Future computer architecture of IEDM 2018 artificial intelligence
Today's systems typically rely on heterogeneous computing when processing algorithms in AI applications. However, for the future, IBM's Jeff Welser sees new approaches, such as brain-inspired approximations, simulating AI cores, and finally quantum computing.
IBM's Jeff Welser gives the prospect of future computer architectures that may look artificial intelligence. His view is that the hardware has a mature process to date, and in the "narrow AI" (single-task, single-domain) communication supporting role, but will play the "big AI" in the future (multi-tasking innovation and introduction of a key role, The role of multiple domains). The simultaneous development of extensive AI with specially designed hardware will shift to the traditional balance between cloud computing and edge, between structured and unstructured data, and between training and inference (conclusion). The architecture of the heterogeneous system has been introduced, in which different computing resources include CPU, high bandwidth, KI special accelerator, and each node in the high-performance network to achieve significant improvements in computing power. Looking ahead is the roadmap for the advancement of Welze's expertise before accelerating AI: starting with the heterogeneous digital von Neumann machine via the accelerator architecture with reduced accuracy (approximate calculation), the analog AI core for AI quantum calculations.
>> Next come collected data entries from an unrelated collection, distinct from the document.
Lemma p_gt2 : (2 < p)%N.
Proof.
have p_gt1 := prime_gt1 (pcharf_prime pcharF).
by case: p p_odd p_gt1 => [|[|[|]]].
Qed.

Let p_gt1 : (1 < p)%N := ltnW p_gt2.
Let p_gt0 : (0 < p)%N := ltnW p_gt1.

Lemma natr_p : p%:R = 0 :> F.
Proof. exact: pcharf0 pcharF. Qed.

(* The only multiple of p in ]0, 2p[ is p itself. *)
Lemma natr_neq0 m : (0 < m < p.*2)%N -> m != p -> m%:R != 0 :> F.
Proof.
move=> m_bounds m_neq_p; rewrite -(dvdn_pcharf pcharF).
apply/negP => /dvdnP [[|[|c]] m_eq]; move: m_bounds m_neq_p; rewrite m_eq; lia.
Qed.

Lemma two_neq0 : 2 != 0 :> F.
Proof. by apply: natr_neq0; have := p_gt2; lia. Qed.

Lemma natr_predp : (p.-1)%:R = -1 :> F.
Proof. by apply/eqP; rewrite -subr_eq0 opprK natr1 prednK ?natr_p. Qed.

Lemma fermat (x : F) : x != 0 -> x ^+ p.-1 = 1.
Proof. by move=> x_nz; apply: (mulIf x_nz); rewrite mul1r -exprSr prednK. Qed.

Lemma expr_sub_pred (x : F) j : x != 0 -> (j <= p.-1)%N ->
  x ^+ (p.-1 - j) = (x ^+ j)^-1.
Proof.
move=> x_nz le_jp; apply: (mulIf (expf_neq0 j x_nz)).
by rewrite -exprD subnK // fermat // mulVf // expf_neq0.
Qed.

Lemma expr_inv (x : F) : x != 0 -> x ^+ (p - 2) = x^-1.
Proof.
move=> x_nz; rewrite -(expr_sub_pred x_nz (j := 1)) ?expr1 //; last first.
  by rewrite -ltnS prednK.
by congr (_ ^+ _); lia.
Qed.

(* The geometric sum over a full period of F^*: it is the indicator of w = 1,
   up to sign, since w^(p-1) = 1 for every w != 0. *)
Definition geom (w : F) : F := \sum_(k < p.-1) w ^+ k.

Lemma geom_eq (w : F) : w != 0 -> geom w = - (w == 1)%:R.
Proof.
move=> w_nz; have [->|w_neq1] := eqVneq w 1.
  rewrite /geom (eq_bigr (fun _ => 1)) => [|i _]; last by rewrite expr1n.
  by rewrite sumr_const card_ord natr_predp.
have := subrX1 w p.-1; rewrite fermat // subrr => /esym/eqP.
by rewrite mulf_eq0 subr_eq0 (negbTE w_neq1) => /eqP; rewrite /geom => ->; rewrite oppr0.
Qed.

Definition dgeom (w : F) : F := \sum_(k < p.-1) (k.+1)%:R * w ^+ k.

Lemma dgeom_closed (w : F) n :
  (1 - w) ^+ 2 * \sum_(k < n) (k.+1)%:R * w ^+ k
  = 1 - (n.+1)%:R * w ^+ n + n%:R * w ^+ n.+1.
Proof.
elim: n => [|n IHn]; first by rewrite big_ord0 mulr0 expr0 !mul1r mul0r addr0 subrr.
by rewrite big_ord_recr /= mulrDr IHn -!natr1 !exprS; ring.
Qed.

Lemma dgeom_eq (w : F) : dgeom w = (1 - w) ^+ (p - 2).
Proof.
have [->|w_neq1] := eqVneq w 1.
  rewrite subrr expr0n /= subn_eq0 leqNgt p_gt2 /dgeom.
  rewrite (eq_bigr (fun k : 'I_p.-1 => (k.+1)%:R)) => [|i _]; last by rewrite expr1n mulr1.
  rewrite -natr_sum; have -> : (\sum_(k < p.-1) k.+1 = 'C(p, 2))%N.
    by rewrite -bin2_sum big_mkord -(prednK p_gt0) big_ord_recl.
  by rewrite bin2odd // natrM natr_p mul0r.
have nz : 1 - w != 0 by rewrite subr_eq0 eq_sym.
have := dgeom_closed w p.-1; rewrite prednK // natr_p mul0r subr0 natr_predp mulN1r.
rewrite frobenius_id -/(dgeom w) => closed_form.
apply: (mulfI (expf_neq0 2 nz)); rewrite closed_form -exprD addnC subnK.
  by rewrite frobenius_id.
exact: ltnW p_gt2.
Qed.

Section SquareRootOfMinusOne.
Variable t : F.
Hypothesis t_sq : t ^+ 2 = -1.

(* With t^2 = -1 the quadratic form factors: 1 + 2u + 2u^2 = (1 + alpha u)(1 + beta u). *)
Definition alpha : F := 1 + t.
Definition beta : F := 1 - t.

Lemma t_neq0 : t != 0.
Proof.
apply/eqP => t0; move: t_sq; rewrite t0 expr0n /= => /eqP.
by rewrite eq_sym oppr_eq0 oner_eq0.
Qed.

Lemma alpha_mul_beta : alpha * beta = 2.
Proof. by rewrite /alpha /beta; ring: t_sq. Qed.

Lemma alpha_neq0 : alpha != 0.
Proof. by apply: contra two_neq0 => /eqP a0; rewrite -alpha_mul_beta a0 mul0r. Qed.

Lemma beta_neq0 : beta != 0.
Proof. by apply: contra two_neq0 => /eqP b0; rewrite -alpha_mul_beta b0 mulr0. Qed.

Lemma alpha_sub_beta_neq0 : alpha - beta != 0.
Proof.
have -> : alpha - beta = 2 * t by rewrite /alpha /beta; ring.
by rewrite mulf_neq0 ?two_neq0 ?t_neq0.
Qed.

Lemma quad_factor (u : F) : 1 + 2 * u + 2 * u ^+ 2 = (1 + alpha * u) * (1 + beta * u).
Proof. by rewrite /alpha /beta; ring: t_sq. Qed.

(* Partial fractions for the (p-2)-th power, which is the inverse away from 0.
   The affine relation holds for X = 1 + alpha u, Y = 1 + beta u; it forbids
   X = Y = 0, and when one factor vanishes the correction term compensates. *)
Lemma partial_fraction (X Y : F) : alpha * Y - beta * X = alpha - beta ->
  (X * Y) ^+ (p - 2) = (alpha * X ^+ (p - 2) - beta * Y ^+ (p - 2)) / (alpha - beta)
                       - ((X == 0)%:R + (Y == 0)%:R) / 2.
Proof.
move=> rel; have zero_pow : (0 : F) ^+ (p - 2) = 0.
  by rewrite expr0n subn_eq0 leqNgt p_gt2.
have ab_nz := alpha_sub_beta_neq0.
have [X0|X_nz] := eqVneq X 0.
  have Y_eq : Y = (alpha - beta) / alpha.
    by rewrite -rel X0 mulr0 subr0 mulrC mulKf ?alpha_neq0.
  have Y_nz : Y != 0 by rewrite Y_eq mulf_neq0 ?invr_eq0 ?alpha_neq0.
  rewrite X0 mul0r zero_pow mulr0 (negbTE Y_nz) expr_inv // Y_eq.
  rewrite mulr1n mulr0n addr0 /alpha /beta; field: t_sq.
  by rewrite two_neq0 -/alpha -/beta ab_nz alpha_neq0.
have [Y0|Y_nz] := eqVneq Y 0.
  have X_eq : X = (beta - alpha) / beta.
    by rewrite -opprB -rel Y0 mulr0 sub0r opprK mulrC mulKf ?beta_neq0.
  rewrite Y0 mulr0 zero_pow mulr0 expr_inv // X_eq.
  rewrite mulr1n mulr0n add0r /alpha /beta; field: t_sq.
  rewrite -/alpha -/beta ab_nz beta_neq0 -opprB oppr_eq0 ab_nz !andbT.
  exact: two_neq0.
have -> : alpha * X ^+ (p - 2) - beta * Y ^+ (p - 2) = (alpha * Y - beta * X) / (X * Y).
  by rewrite !expr_inv //; field; rewrite X_nz Y_nz.
rewrite rel mulr0n addr0 mul0r subr0.
by rewrite expr_inv ?mulf_neq0 //; field; rewrite ab_nz X_nz Y_nz.
Qed.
Jeff Welser of IBM Research from Almaden looks ahead to what the future artificial intelligence computing architecture might look like.
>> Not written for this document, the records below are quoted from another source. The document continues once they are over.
(* Elements of Thompson's group F, represented as functions R -> R that are
   the identity outside [0,1] (so that equality of group elements is plain
   function equality). *)
Definition thompsonF (f : R -> R) : Prop :=
  (forall x, (x < 0 \/ 1 < x) -> f x = x) /\
  f 0 = 0 /\ f 1 = 1 /\
  (forall x y, 0 <= x -> x < y -> y <= 1 -> f x < f y) /\
  exists (n : nat) (a : nat -> R),
    (0 < n)%nat /\ a 0%nat = 0 /\ a n = 1 /\
    (forall i, (i <= n)%nat -> dyadic (a i)) /\
    (forall i, (i < n)%nat -> a i < a (S i)) /\
    (forall i, (i < n)%nat -> exists (e : Z) (c : R),
        forall x, a i <= x <= a (S i) -> f x = powerRZ 2 e * x + c).

(* A (left) action of F on a type X, given by act : (R -> R) -> X -> X
   (only its values on elements of F matter); group law = composition. *)
Definition F_action (X : Type) (act : (R -> R) -> X -> X) : Prop :=
  (forall x, act (fun t => t) x = x) /\
  (forall f g, thompsonF f -> thompsonF g ->
     forall x, act (fun t => f (g t)) x = act f (act g x)).

Definition F_faithful (X : Type) (act : (R -> R) -> X -> X) : Prop :=
  forall f, thompsonF f -> (forall x, act f x = x) -> f = (fun t => t).

Definition distinct_tuple (X : Type) (k : nat) (u : nat -> X) : Prop :=
  forall i j, (i < k)%nat -> (j < k)%nat -> u i = u j -> i = j.

Definition F_k_transitive (X : Type) (act : (R -> R) -> X -> X) (k : nat) : Prop :=
  (exists u : nat -> X, distinct_tuple X k u) /\
  forall u v : nat -> X, distinct_tuple X k u -> distinct_tuple X k v ->
    exists f, thompsonF f /\ forall i, (i < k)%nat -> act f (u i) = v i.

(* Suppose F acts faithfully and 3-transitively on X, and let L be the subgroup of elements
   supported in [0,1/2].  For x in F, one of x and x^-1 maps 1/2 into [0,1/2], and conjugating
   an element of L by it gives again an element of L.

   L acts freely.  Otherwise some w <> 1 in L fixes a point.  Take c <> 1 supported in [1/2,1]
   and a point m moved by c.  Using 3-transitivity we find x, swapping two of three suitable
   points, such that both x w x^-1 and x^-1 w x fix c m but move m.  The one of them lying in
   L commutes with c, so fixing c m it fixes m: contradiction.

   L does not act freely.  Take k <> 1 in L with all powers nontrivial, a point p, and x fixing
   p and k p but sending k^2 p to k^-1 p.  If g in {x, x^-1} maps 1/2 into [0,1/2], then
   k^-1 (g k g^-1) lies in L and fixes p, hence is trivial; so g commutes with k and fixes
   the whole k-orbit of p, whereas both x and x^-1 move a point of that orbit. *)

From Stdlib Require Import Reals ZArith Arith Lra Lia.
From Stdlib Require Import Classical ClassicalEpsilon FunctionalExtensionality.
Open Scope R_scope.

(** * Dyadic grids and piecewise affine maps *)

Lemma pow2_gt0 (N : nat) : 0 < 2 ^ N.
Proof. apply pow_lt; lra. Qed.

Lemma pow2_nat_gt0 (N : nat) : (0 < 2 ^ N)%nat.
Proof. apply Nat.neq_0_lt_0, Nat.pow_nonzero; lia. Qed.

Definition on_level (N : nat) (x : R) : Prop := exists z : Z, x = IZR z / 2 ^ N.

Lemma on_level_mono (N M : nat) (x : R) : (N <= M)%nat -> on_level N x -> on_level M x.
Proof.
  intros HNM [z ->]. exists (z * 2 ^ Z.of_nat (M - N))%Z.
  rewrite mult_IZR, <- pow_IZR. rewrite <- (Nat.sub_add N M HNM) at 2.
  rewrite pow_add. simpl IZR. field. split; apply pow_nonzero; lra.
Qed.

Lemma dyadic_common_level (n : nat) (a : nat -> R) :
  (forall i, (i <= n)%nat -> dyadic (a i)) ->
  exists M, forall i, (i <= n)%nat -> on_level M (a i).
Proof.
  induction n as [|n IH]; intros Ha.
  - destruct (Ha 0%nat (le_n 0)) as [z [N HN]]. exists N.
    intros i Hi. replace i with 0%nat by lia. exists z. exact HN.
  - destruct IH as [M HM]; [intros i Hi; apply Ha; lia|].
    destruct (Ha (S n) (le_n _)) as [z [N HN]].
    exists (Nat.max M N). intros i Hi.
    destruct (Nat.eq_dec i (S n)) as [->|Hne].
    + apply (on_level_mono N); [lia|]. exists z. exact HN.
    + apply (on_level_mono M); [lia|]. apply HM. lia.
Qed.

Lemma dyadic_plus (x y : R) : dyadic x -> dyadic y -> dyadic (x + y).
Proof.
  intros [z1 [n1 Hx]] [z2 [n2 Hy]].
  destruct (on_level_mono n1 (n1 + n2) x ltac:(lia) (ex_intro _ z1 Hx)) as [w1 ->].
  destruct (on_level_mono n2 (n1 + n2) y ltac:(lia) (ex_intro _ z2 Hy)) as [w2 ->].
  exists (w1 + w2)%Z, (n1 + n2)%nat. rewrite plus_IZR. field. apply pow_nonzero; lra.
Qed.

Lemma dyadic_mult (x y : R) : dyadic x -> dyadic y -> dyadic (x * y).
Proof.
  intros [z1 [n1 ->]] [z2 [n2 ->]]. exists (z1 * z2)%Z, (n1 + n2)%nat.
  rewrite mult_IZR, pow_add. field. split; apply pow_nonzero; lra.
Qed.

Lemma dyadic_powerRZ2 (e : Z) : dyadic (powerRZ 2 e).
Proof.
  destruct e as [|p|p]; simpl.
  - exists 1%Z, 0%nat. simpl. lra.
  - exists (2 ^ Z.of_nat (Pos.to_nat p))%Z, 0%nat. rewrite <- pow_IZR. simpl. field.
  - exists 1%Z, (Pos.to_nat p). simpl. field. apply pow_nonzero; lra.
Qed.

Definition grid_point (N j : nat) : R := INR j / 2 ^ N.

Lemma grid_point_on_level (N j : nat) : on_level N (grid_point N j).
Proof. exists (Z.of_nat j). unfold grid_point. now rewrite INR_IZR_INZ. Qed.

Lemma grid_point_0 (N : nat) : grid_point N 0 = 0.
Proof. unfold grid_point. simpl. field. apply pow_nonzero; lra. Qed.

Lemma grid_point_top (N : nat) : grid_point N (2 ^ N) = 1.
Proof.
  unfold grid_point. rewrite pow_INR. replace (INR 2) with 2 by (simpl; lra).
  field. apply pow_nonzero; lra.
Qed.

Lemma grid_point_S (N j : nat) : grid_point N (S j) = grid_point N j + / 2 ^ N.
Proof. unfold grid_point. rewrite S_INR. field. apply pow_nonzero; lra. Qed.

Lemma grid_point_lt (N i j : nat) : (i < j)%nat -> grid_point N i < grid_point N j.
Proof.
  intros Hij. unfold grid_point, Rdiv. apply Rmult_lt_compat_r.
  - apply Rinv_0_lt_compat, pow2_gt0.
  - now apply lt_INR.
Qed.

Lemma grid_point_le (N i j : nat) : (i <= j)%nat -> grid_point N i <= grid_point N j.
Proof.
  intros Hij. destruct (Nat.eq_dec i j) as [->|Hne]; [lra|].
  left. apply grid_point_lt. lia.
Qed.

Lemma grid_point_refine (N M j : nat) :
  (N <= M)%nat -> grid_point N j = grid_point M (j * 2 ^ (M - N)).
Proof.
  intros HNM. unfold grid_point. rewrite mult_INR, pow_INR.
  replace (INR 2) with 2 by (simpl; lra).
  rewrite <- (Nat.sub_add N M HNM) at 2. rewrite pow_add.
  field. split; apply pow_nonzero; lra.
Qed.

Lemma grid_cell_no_interior (M j : nat) (z : R) :
  on_level M z -> ~ (grid_point M j < z < grid_point M (S j)).
Proof.
  intros [w ->] [Hl Hr]. unfold grid_point in *.
  assert (P := pow2_gt0 M).
  apply Rmult_lt_reg_r in Hl, Hr; [|apply Rinv_0_lt_compat; exact P ..].
  rewrite INR_IZR_INZ in Hl, Hr. apply lt_IZR in Hl, Hr. lia.
Qed.

Definition pow2_affine_on (l r : R) (f : R -> R) : Prop :=
  exists (e : Z) (c : R), forall x, l <= x <= r -> f x = powerRZ 2 e * x + c.

Definition grid_affine (N : nat) (f : R -> R) : Prop :=
  forall j, (j < 2 ^ N)%nat -> pow2_affine_on (grid_point N j) (grid_point N (S j)) f.

Lemma pow2_affine_on_sub (l r l' r' : R) (f : R -> R) :
  l <= l' -> r' <= r -> pow2_affine_on l r f -> pow2_affine_on l' r' f.
Proof. intros Hl Hr [e [c Hf]]. exists e, c. intros x Hx. apply Hf. lra. Qed.

Lemma pow2_affine_on_comp (l r l' r' : R) (f g : R -> R) :
  (forall x, l <= x <= r -> l' <= g x <= r') ->
  pow2_affine_on l' r' f -> pow2_affine_on l r g -> pow2_affine_on l r (fun x => f (g x)).
Proof.
  intros Hg [e' [c' Hf]] [e [c He]]. exists (e' + e)%Z, (powerRZ 2 e' * c + c').
  intros x Hx. rewrite Hf, He by auto. rewrite powerRZ_add by lra. ring.
Qed.

Lemma interval_search (n : nat) (a : nat -> R) (t : R) :
  a 0%nat <= t -> t < a n -> exists i, (i < n)%nat /\ a i <= t < a (S i).
Proof.
  induction n as [|n IH]; intros H0 Hn; [lra|].
  destruct (Rlt_dec t (a n)) as [Hlt|Hge].
  - destruct (IH H0 Hlt) as [i [Hi Ht]]. exists i. split; [lia|exact Ht].
  - exists n. split; [lia|lra].
Qed.

Lemma interval_containing (n : nat) (a : nat -> R) (l r : R) :
  a 0%nat <= l -> l < a n -> (forall i, (i <= n)%nat -> ~ (l < a i < r)) ->
  exists i, (i < n)%nat /\ a i <= l /\ r <= a (S i).
Proof.
  intros H0 Hn Hgap. destruct (interval_search n a l H0 Hn) as [i [Hi Hl]].
  exists i. repeat split; [lia|lra|].
  destruct (Rle_dec r (a (S i))) as [Hr|Hr]; [exact Hr|].
  exfalso. apply (Hgap (S i)); [lia|lra].
Qed.

Lemma grid_affine_of_partition (f : R -> R) (n M : nat) (a : nat -> R) :
  a 0%nat = 0 -> a n = 1 -> (forall i, (i <= n)%nat -> on_level M (a i)) ->
  (forall i, (i < n)%nat -> pow2_affine_on (a i) (a (S i)) f) -> grid_affine M f.
Proof.
  intros H0 Hn Hlev Hf j Hj.
  destruct (interval_containing n a (grid_point M j) (grid_point M (S j)))
    as [i [Hi [Hl Hr]]].
  - rewrite H0, <- (grid_point_0 M). apply grid_point_le. lia.
  - rewrite Hn, <- (grid_point_top M). apply grid_point_lt. exact Hj.
  - intros i Hi. apply grid_cell_no_interior, Hlev, Hi.
  - exact (pow2_affine_on_sub _ _ _ _ f Hl Hr (Hf i Hi)).
Qed.

Lemma grid_affine_mono (N M : nat) (f : R -> R) :
  (N <= M)%nat -> grid_affine N f -> grid_affine M f.
Proof.
  intros HNM Hf. apply (grid_affine_of_partition f (2 ^ N) M (grid_point N)).
  - apply grid_point_0.
  - apply grid_point_top.
  - intros i _. apply (on_level_mono N M _ HNM), grid_point_on_level.
  - exact Hf.
Qed.

Lemma thompsonF_grid_affine (f : R -> R) : thompsonF f -> exists N, grid_affine N f.
Proof.
  intros (_ & _ & _ & _ & n & a & _ & Ha0 & Han & Hdy & _ & Hpieces).
  destruct (dyadic_common_level n a Hdy) as [M HM]. exists M.
  exact (grid_affine_of_partition f n M a Ha0 Han HM Hpieces).
Qed.

Lemma thompsonF_of_grid_affine (f : R -> R) (N : nat) :
  (forall x, (x < 0 \/ 1 < x) -> f x = x) -> f 0 = 0 -> f 1 = 1 ->
  (forall x y, 0 <= x -> x < y -> y <= 1 -> f x < f y) -> grid_affine N f ->
  thompsonF f.
Proof.
  intros Hout H0 H1 Hinc Hgrid. repeat split; auto.
  exists (2 ^ N)%nat, (grid_point N). repeat split.
  - apply pow2_nat_gt0.
  - apply grid_point_0.
  - apply grid_point_top.
  - intros i _. destruct (grid_point_on_level N i) as [z Hz]. exists z, N. exact Hz.
  - intros i _. apply grid_point_lt. lia.
  - exact Hgrid.
Qed.

Lemma thompsonF_id : thompsonF (fun t => t).
Proof.
  apply (thompsonF_of_grid_affine _ 0); auto.
  intros j _. exists 0%Z, 0. intros x _. simpl. ring.
Qed.

Lemma grid_affine_point_dyadic (f : R -> R) (N j : nat) :
  f 0 = 0 -> grid_affine N f -> (j <= 2 ^ N)%nat -> dyadic (f (grid_point N j)).
Proof.
  intros H0 Hgrid. induction j as [|j IH]; intros Hj.
  - rewrite grid_point_0, H0. exists 0%Z, 0%nat. simpl. lra.
  - destruct (Hgrid j Hj) as [e [c Hf]].
    assert (Hlt := grid_point_lt N j (S j) (Nat.lt_succ_diag_r j)).
    replace (f (grid_point N (S j))) with (f (grid_point N j) + powerRZ 2 e * / 2 ^ N).
    + apply dyadic_plus; [apply IH; lia|]. apply dyadic_mult; [apply dyadic_powerRZ2|].
      exists 1%Z, N. simpl. lra.
    + rewrite !Hf, grid_point_S by lra. ring.
Qed.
Matrix multiplication usually plays an important role in AI applications.
Narrow AIs are characterized by their accuracy with humans or superhumans and the performance of high-speed single domains for certain tasks, mainly circulated in applications ranging from facial recognition to natural language translation. We are only in the beginning and distribution of a wide range of AI, multitasking, multi-domain, multi-mode, including the interpretation of AI. Transfer learning and conclusions are key to extending AI to small data sets. The reduction in time required and the ability to calculate AI are critical for the development and implementation of a broad-AI system that will enable "general AI" (cross-domain learning and reasoning) and its direction of development. In general, machine learning and deep learning (ML / DL) can be divided into two operational states: training and reasoning. In the training phase, initially in the multidimensional parameter space, one of the models is established, allowing for optimization problems that are further generalized in the inference process. In deep learning, the model is usually composed of a multi-layer network with many free parameters (weights) whose values are set during the training process. The trained model must then process the data from the real world in an inferential mode. In many applications, the inference step requires a fixed training model for reasons of consistency, repeatability, reliability, performance, or legal compliance.
Talking about future AI hardware, it is worth analyzing the AI algorithm. In deep neural networks, matrix multiplication is the core of deep learning networks. In an all-wireline network, data is propagated through the network in the form of vector matrix multiplication. To make better use of computer resources, more data points are combined into a stack (micro-batch). Convolution in a neural network (convolutional neural network - CNN) can be described as a matrix and the first step is a matrix multiplication of the matrix, input convolution operations. Developing an optimized system to accomplish this task requires consideration of end-to-end systems, including transistor structure, hardware, software, and programming.